Essex: The Mochudi Project uses the best information that we’ve gained from treatment, as well as from prevention of mother-to-child transmission of HIV, for an entirely new approach to prevention in adults. It also incorporates our knowledge of how HIV evolves along with knowledge of the human genome, combined with more established approaches such as male circumcision and behavior modification. All of these are used together to see if we can reduce the rates of new infections in an entire village—Mochudi.

Spotlight: What do you see as the greatest challenge to ensuring that the Mochudi Project successfully prevents new HIV infections?

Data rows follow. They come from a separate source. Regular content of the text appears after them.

(* Let $\theta\in\mathbb{K}\setminus\{0\}$ and let $(A,P)$ be a complete filtered Rota--Baxter algebra of weight $\theta$ over a field $\mathbb{K}$ of characteristic zero; put $\tilde P:=\theta\,\mathrm{id}_A-P$. Let $\chi_\theta:A_1\to A_1$ be the map defined by $$\chi_\theta(a)=a-\frac1\theta\,\mathrm{BCH}\Big(P\big(\chi_\theta(a)\big),\tilde P\big(\chi_\theta(a)\big)\Big),\qquad a\in A_1.$$ Then for all $a\in A_1$: (1) $\chi_\theta(a)=a+\frac1\theta\,\mathrm{BCH}\big(-P(\chi_\theta(a)),\theta a\big)$; (2) $\exp(\theta a)=\exp\big(P(\chi_\theta(a))\big)\exp\big(\tilde P(\chi_\theta(a))\big)$; (3) with $b\in A$ defined by $1+\theta b:=\exp(\theta a)$, the elements $x:=\exp\big(P(\chi_\theta(a))\big)^{-1}$ and $x':=\exp\big(\tilde P(\chi_\theta(a))\big)^{-1}$ are the unique solutions of the equations $x=1-P(x\,b)$ and $x'=1-\tilde P(b\,x')$ respectively.
   Context: A Rota--Baxter algebra of weight $\theta$ is an associative $\mathbb{K}$-algebra $A$ with a linear map $P:A\to A$ satisfying $P(x)P(y)+\theta P(xy)=P(xP(y))+P(P(x)y)$ for all $x,y\in A$. A Rota--Baxter ideal is an ideal $I$ with $P(I)\subseteq I$. A complete filtered Rota--Baxter algebra is a Rota--Baxter algebra $(A,P)$ with a decreasing filtration $A=A_0\supseteq A_1\supseteq\cdots$ by Rota--Baxter ideals such that $A_mA_n\subseteq A_{m+n}$ and $A\cong\varprojlim A/A_n$. $\exp$ and $\log$ are the usual series, mutually inverse bijections between $A_1$ and $1+A_1$. $\mathrm{BCH}(x,y)$ is the Baker--Campbell--Hausdorff series, $\exp(x)\exp(y)=\exp(x+y+\mathrm{BCH}(x,y))$. The map $\chi_\theta$ is the unique map $A_1\to A_1$ satisfying the displayed fixed-point equation (obtained as the limit, in the filtration topology, of the iteration starting from $a$). *)

From HB Require Import structures.
From mathcomp Require Import all_boot all_order all_algebra.
From Stdlib Require Import ClassicalEpsilon.
Set Implicit Arguments. Unset Strict Implicit. Unset Printing Implicit Defensive.
Import Order.TTheory GRing.Theory.
Local Open Scope ring_scope.

Section FilteredRB.
Variables (K : fieldType) (A : unitAlgType K) (F : nat -> {pred A}).

Definition rota_baxter (theta : K) (P : A -> A) : Prop :=
  forall x y : A, P x * P y + theta *: P (x * y) = P (x * P y) + P (P x * y).

Definition rb_filtration (P : A -> A) : Prop :=
  (forall x, x \in F 0) /\
  [/\ forall n x, x \in F n.+1 -> x \in F n,
      forall n, 0 \in F n /\ (forall x y, x \in F n -> y \in F n -> x + y \in F n),
      forall n a x, x \in F n -> (a * x \in F n) /\ (x * a \in F n),
      forall n x, x \in F n -> P x \in F n &
      forall m n x y, x \in F m -> y \in F n -> x * y \in F (m + n)].

(* A ≅ lim A/F n : the canonical map A -> lim A / F n is injective
   (separated) and surjective (every compatible sequence of residues lifts). *)
Definition filt_complete : Prop :=
  (forall x, (forall n, x \in F n) -> x = 0) /\
  (forall u : nat -> A, (forall n, u n.+1 - u n \in F n) ->
     exists y, forall n, y - u n \in F n).

Definition filt_lim (u : nat -> A) (y : A) : Prop :=
  forall n, exists N, forall m, (N <= m)%N -> u m - y \in F n.

(* the limit (chosen classically; unique when F is separated) *)
Definition flim (u : nat -> A) : A := epsilon (inhabits 0) (filt_lim u).

Definition fexp (x : A) : A :=
  flim (fun n => \sum_(k < n) (k`!%:R)^-1 *: x ^+ k).

Definition flog (x : A) : A :=
  flim (fun n => \sum_(k < n) ((-1) ^+ k / k.+1%:R) *: (x - 1) ^+ k.+1).

Definition BCH (x y : A) : A := flog (fexp x * fexp y) - x - y.

Definition Ptilde (theta : K) (P : A -> A) (x : A) : A := theta *: x - P x.

Definition chi_step (theta : K) (P : A -> A) (a c : A) : A :=
  a - theta^-1 *: BCH (P c) (Ptilde theta P c).

Definition chi (theta : K) (P : A -> A) (a : A) : A :=
  flim (fun n => iter n (chi_step theta P a) a).

End FilteredRB.

(* The iteration defining chi contracts in the filtration topology, because
   BCH of arguments that agree modulo F n agree modulo F (n + 1).  Its limit c
   thus satisfies c = a - BCH (P c) (P~ c) / theta, and as P c + P~ c = theta c
   this says theta a = log (exp (P c) exp (P~ c)), which is (2); multiplying by
   exp (- P c) inside the logarithm gives (1).
   Induction on k with the Rota-Baxter identity gives
   P ((P~ u)^k - (- P u)^k) = - theta (- P u)^k, hence
   P (exp (P~ u) - exp (- P u)) = - theta (exp (- P u) - 1); for u = c this is
   the equation x = 1 - P (x b), and the equation for x' is the same statement
   for the weight-theta Rota-Baxter operator P~, whose own tilde is P.  Both
   equations have at most one solution since y |-> 1 - P (y b) is a contraction.
   exp and log are inverse to each other on F 1 because exp (- X) exp X = 1 and
   log (exp X) = X hold modulo X^N for the truncated series in K[X] (proved by
   differentiating, which is where characteristic zero is used), and these
   polynomial identities can be evaluated at any element of F 1. *)

From HB Require Import structures.
From mathcomp Require Import all_boot all_order all_algebra ring.
From Stdlib Require Import ClassicalEpsilon.
Set Implicit Arguments. Unset Strict Implicit. Unset Printing Implicit Defensive.
Import GRing.Theory.
Local Open Scope ring_scope.

Definition tseries (K : fieldType) (R : lalgType K) (c : nat -> K) (N : nat)
    (x : R) : R :=
  \sum_(k < N) c k *: x ^+ k.

Definition exp_coef (K : fieldType) (k : nat) : K := (k`!%:R)^-1.

Definition log_coef (K : fieldType) (k : nat) : K :=
  if k is j.+1 then (-1) ^+ j / k%:R else 0.

Section PowerSeries.
Variables (K : fieldType) (R : lalgType K) (c : nat -> K).

Lemma tseriesSr N (x : R) : tseries c N.+1 x = tseries c N x + c N *: x ^+ N.
Proof. by rewrite /tseries big_ord_recr. Qed.

Lemma tseriesSl N (x : R) :
  tseries c N.+1 x = c 0%N *: 1 + \sum_(k < N) c k.+1 *: x ^+ k.+1.
Proof. by rewrite /tseries big_ord_recl expr0. Qed.

Lemma tseries1 (x : R) : tseries c 1 x = c 0%N *: 1.
Proof. by rewrite tseriesSl big_ord0 addr0. Qed.

Lemma eq_tseries (c' : nat -> K) N (x : R) :
  c =1 c' -> tseries c N x = tseries c' N x.
Proof. by move=> eq_c; apply: eq_bigr => k _; rewrite eq_c. Qed.

Lemma tseriesB N (x y : R) :
  tseries c N x - tseries c N y = \sum_(k < N) c k *: (x ^+ k - y ^+ k).
Proof. by rewrite /tseries -sumrB; apply: eq_bigr => k _; rewrite scalerBr. Qed.

End PowerSeries.

Section FormalIdentities.
Variables (K : fieldType) (charK0 : [pchar K] =i pred0).

Lemma natrS_neq0 n : (n.+1%:R : K) != 0.
Proof. by have /pcharf0P -> := charK0. Qed.

Lemma deriv_tseries (c : nat -> K) N (p : {poly K}) :
  (tseries c N.+1 p)^`() = p^`() * tseries (fun k => c k.+1 *+ k.+1) N p.
Proof.
rewrite tseriesSl derivD alg_polyC derivC add0r raddf_sum mulr_sumr.
apply: eq_bigr => k _; rewrite /= derivZ deriv_exp -scalerMnl scalerMnr.
by rewrite -scalerAr mulrnAr.
Qed.

Lemma exp_coef_deriv k : exp_coef K k.+1 *+ k.+1 = exp_coef K k.
Proof.
rewrite /exp_coef factS natrM invfM -mulrnAl -[_ *+ _]mulr_natr.
by rewrite mulVf ?mul1r ?natrS_neq0.
Qed.

Lemma log_coef_deriv k : log_coef K k.+1 *+ k.+1 = (-1) ^+ k.
Proof. by rewrite /log_coef -[_ *+ _]mulr_natr mulfVK ?natrS_neq0. Qed.

Lemma dvdXnP m (g : {poly K}) :
  reflect (forall i, (i < m)%N -> g`_i = 0) ('X^m %| g).
Proof.
rewrite /dvdp -Pdiv.IdomainMonic.take_poly_modp.
apply: (iffP eqP) => [g0 i lt_im | g0].
  by move: (coef_take_poly m g i); rewrite g0 coef0 lt_im => <-.
by apply/polyP => i; rewrite coef_take_poly coef0; case: ltnP => // /g0.
Qed.

Lemma dvdXn_deriv m (g : {poly K}) : 'X^m %| g^`() -> 'X %| g -> 'X^(m.+1) %| g.
Proof.
move=> /dvdXnP dg /(@dvdXnP 1) g0; apply/dvdXnP => -[_|i lt_im]; first exact: g0.
have /eqP := dg i lt_im; rewrite coef_deriv -mulr_natr mulf_eq0.
by rewrite (negPf (natrS_neq0 _)) orbF => /eqP.
Qed.

Lemma dvdX_tseries (c : nat -> K) N (p : {poly K}) :
  'X %| p -> 'X %| tseries c N.+1 p - (c 0%N)%:P.
Proof.
move=> Xp; rewrite tseriesSl alg_polyC [_%:P + _]addrC addrK.
apply: (big_ind (fun q => 'X %| q)) => [|q r|k _]; [exact: dvdp0|exact: dvdp_add|].
by rewrite -mul_polyC dvdp_mull // exprS dvdp_mulr.
Qed.

Lemma dvdXn_exp_tseriesN N :
  'X^N %| tseries (@exp_coef K) N (- 'X) * tseries (@exp_coef K) N 'X - 1.
Proof.
case: N => [|n]; first exact: dvd1p.
have expS := tseriesSr (@exp_coef K) n.
apply: dvdXn_deriv.
  rewrite derivB -polyC1 derivC subr0 derivM !deriv_tseries derivN derivX.
  rewrite !(eq_tseries _ _ exp_coef_deriv) !expS -!mul_polyC.
  set u := tseries _ n (- 'X); set v := tseries _ n 'X; set e := _%:P.
  have -> : (-1 * u) * (v + e * 'X^n) + (u + e * (- 'X) ^+ n) * (1 * v)
     = (- (u * e)) * 'X^n + (e * v) * (- 'X) ^+ n by ring.
  by rewrite dvdp_add ?dvdp_mull // exprNn dvdp_mull.
have Xexp p : 'X %| p -> 'X %| tseries (@exp_coef K) n.+1 p - 1.
  by move=> Xp; have := dvdX_tseries (@exp_coef K) n Xp; rewrite /exp_coef invr1.
have := Xexp _ (dvdpp 'X); have := Xexp (- 'X); rewrite dvdpNr dvdpp => /(_ isT).
set u := tseries _ n.+1 (- 'X); set v := tseries _ n.+1 'X => Xu Xv.
have -> : u * v - 1 = (u - 1) * (v - 1) + (u - 1) + (v - 1) by ring.
by rewrite dvdp_addl // dvdp_addl // dvdp_mulr.
Qed.

Lemma dvdXn_log_tseries_exp N :
  'X^N %| tseries (@log_coef K) N (tseries (@exp_coef K) N 'X - 1) - 'X.
Proof.
case: N => [|n]; first exact: dvd1p.
set e := tseries _ n.+1 'X - 1.
have Xe : 'X %| e.
  by have := dvdX_tseries (@exp_coef K) n (dvdpp 'X); rewrite /exp_coef invr1.
apply: dvdXn_deriv; last first.
  by apply: dvdp_sub (dvdpp 'X); have := dvdX_tseries (@log_coef K) n Xe; rewrite subr0.
have de : e^`() = 1 + e - (exp_coef K n)%:P * 'X^n.
  rewrite /e derivB -polyC1 derivC subr0 deriv_tseries derivX mul1r.
  rewrite (eq_tseries _ _ exp_coef_deriv) tseriesSr mul_polyC; ring.
set G := tseries (fun k => (-1) ^+ k) n e.
have geom : (1 + e) * G = 1 - (- e) ^+ n.
  have -> : G = \sum_(i < n) (- e) ^+ i.
    by apply: eq_bigr => i _; rewrite -scaleN1r exprZn.
  by rewrite -[1 - _]opprB subrX1; ring.
rewrite derivB derivX deriv_tseries (eq_tseries _ _ log_coef_deriv) -/G de.
have -> : (1 + e - (exp_coef K n)%:P * 'X^n) * G - 1
    = - (- e) ^+ n - (exp_coef K n)%:P * G * 'X^n.
  by rewrite mulrBl geom; ring.
by rewrite dvdp_sub ?dvdp_mull // dvdpNr dvdp_exp2r // dvdpNr.
Qed.

End FormalIdentities.

Lemma subr_eq_sub (V : zmodType) (a b c d : V) : a + b = c + d -> b - c = d - a.
Proof. by move=> e; rewrite -[b](addKr a) e addrCA addrAC subrr add0r addrC. Qed.

Lemma subrXS (R : pzRingType) (t q : R) k :
  t ^+ k.+1 - q ^+ k.+1 = (t ^+ k - q ^+ k) * t + q ^+ k * (t - q).
Proof. by rewrite mulrBl mulrBr addrA subrK -!exprSr. Qed.

Section RotaBaxter.
Variables (K : fieldType) (A : unitAlgType K) (theta : K) (P : {linear A -> A}).

Lemma Ptilde_is_linear : linear (Ptilde theta P).
Proof.
move=> r x y; rewrite /Ptilde linearP scalerDr scalerBr !scalerA [theta * r]mulrC.
by rewrite opprD addrACA.
Qed.

HB.instance Definition _ :=
  GRing.isLinear.Build K A A *:%R (Ptilde theta P) Ptilde_is_linear.

Local Notation Pt := (Ptilde theta P).

Lemma PtildeK x : Ptilde theta (Ptilde theta P) x = P x.
Proof. by rewrite /Ptilde opprB subrKC. Qed.

Lemma rota_baxter_Ptilde : rota_baxter theta P -> rota_baxter theta (Ptilde theta P).
Proof.
move=> RB x y.
set w := theta *: (x * y) - x * P y - P x * y.
have RBw : P x * P y + P w = 0.
  by rewrite !linearB linearZ /= !addrA RB addrAC addrK subrr.
have mulPt : Pt x * Pt y = Pt w.
  have -> : Pt x * Pt y = theta *: w + P x * P y.
    rewrite /Ptilde /w mulrBl !mulrBr -!scalerAl -!scalerAr !scalerBr scalerA.
    by rewrite [in LHS]opprB [in LHS]addrA [in LHS]addrAC.
  by rewrite /Ptilde; congr (_ + _); apply/eqP; rewrite -addr_eq0 RBw.
have -> : x * Pt y = theta *: (x * y) - x * P y by rewrite /Ptilde mulrBr scalerAr.
have -> : Pt x * y = theta *: (x * y) - P x * y by rewrite /Ptilde mulrBl scalerAl.
by rewrite mulPt /w !(raddfB Pt) /= linearZ [in LHS]addrAC [in RHS]addrA.
Qed.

Essex: One of the biggest challenges is implementation of the testing plan in an entire village of about 40,000 in a relatively short period of time (one year). The other major challenge is to determine the relative importance of each of the individual interventions. For this we have recruited some of the very best mathematical modelers and biostatisticians.

Spotlight: How soon will the Mochudi Project get underway?

Essex: It has already begun in the sense of getting the necessary approvals, designing forms and questionnaires, and working in partnership with village leaders. The work of collecting blood samples, analyzing the samples, and providing interventions will begin in about ten months.